Speaker
Description
The effect of black holes on entanglement harvesting--the process of extracting entanglement from the quantum vacuum--has been of considerable interest over the past decade. Research involving stationary Unruh-DeWitt (UDW) detectors in a (2+1)-dimensional black hole spacetime (the BTZ black hole) has uncovered phenomena such as entanglement shadows, entanglement amplification through black hole rotation, and differences between bipartite and tripartite entanglement. For a (1+1)-dimensional Schwarzschild black hole, two UDW detectors could harvest entanglement from the scalar quantum vacuum even when separated by an event horizon. The dynamical problem of harvesting entanglement as detectors cross the event horizon is substantially more difficult.
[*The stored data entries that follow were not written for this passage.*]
Lemma wave_lim_pinf t :
  Clim_pinf (fun x => wave_cx q_re q_im x t) (Cmul (RtoC q0) (Cexp (mkC 0 (2 * q0 ^ 2 * t + th)))).
Proof.
  intros eps Heps.
  assert (Hqs : 0 < q0 * sin th) by nra.
  destruct (kink_pinf (2 * q0 * sin th) (2 * q0 ^ 2 * sin (2 * th)) t ltac:(nra)
              (eps / (q0 * sin th)) ltac:(now apply Rdiv_lt_0_compat)) as [M HM].
  exists M. intros x Hx. rewrite wave_dist_pinf. now apply Rabs_mult_lt_of_lt_div, HM.
Qed.

Lemma wave_lim_minf t :
  Clim_minf (fun x => wave_cx q_re q_im x t) (Cmul (RtoC q0) (Cexp (mkC 0 (2 * q0 ^ 2 * t - th)))).
Proof.
  intros eps Heps.
  assert (Hqs : 0 < q0 * sin th) by nra.
  destruct (kink_minf (2 * q0 * sin th) (2 * q0 ^ 2 * sin (2 * th)) t ltac:(nra)
              (eps / (q0 * sin th)) ltac:(now apply Rdiv_lt_0_compat)) as [M HM].
  exists M. intros x Hx. rewrite wave_dist_minf. now apply Rabs_mult_lt_of_lt_div, HM.
Qed.

End Solution.

Theorem mainTheorem11 (q0 th : R) (hq0 : 0 < q0) (hth1 : 0 < th) (hth2 : th < PI) :
  Csmooth2 (qsol q0 th) /\
  (exists qt qx qxx : R -> R -> Cx,
     Cpartial_t (qsol q0 th) qt /\ Cpartial_x (qsol q0 th) qx /\ Cpartial_x qx qxx /\
     forall x t,
       Cmul Ci (qt x t) =
       Csub (qxx x t)
            (Cmul (RtoC 2) (Cmul (Cmul (qsol q0 th x t) (qsol q0 th x t))
                                 (qsol q0 th (- x) (- t))))) /\
  (forall t, Clim_pinf (fun x => qsol q0 th x t)
                       (Cmul (RtoC q0) (Cexp (mkC 0 (2 * q0 ^ 2 * t + th))))) /\
  (forall t, Clim_minf (fun x => qsol q0 th x t)
                       (Cmul (RtoC q0) (Cexp (mkC 0 (2 * q0 ^ 2 * t - th))))).
Proof.
  assert (hs : 0 < sin th) by now apply sin_gt_0.
  rewrite qsol_wave.
  split; [| split; [| split]].
  - apply wave_cx_smooth2.
  - do 3 eexists.
    split; [apply wave_cx_partial_t |].
    split; [apply wave_cx_partial_x |].
    split; [apply wave_cx_partial_x | apply wave_nls].
  - intros t. now apply wave_lim_pinf.
  - intros t. now apply wave_lim_minf.
Qed.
To this end, we calculate the mutual information between two UDW detectors coupled to a massless quantum scalar field, with the detectors starting at rest and falling radially into a non-rotating (2+1)-dimensional BTZ black hole. The trajectory of the detectors includes regions where both detectors are switched on outside of the horizon; where one detector is switched on inside of the horizon while the other switches on outside; and where both detectors switch on inside of the horizon. We investigate different black hole masses, detector energy gaps, widths and temporal separations of the detector switching functions, and field boundary conditions. This study is the first to examine correlation harvesting across an event horizon for a black hole spacetime that satisfies Einstein's equations.
| Keyword-1 | mutual information |
|---|---|
| Keyword-2 | black holes |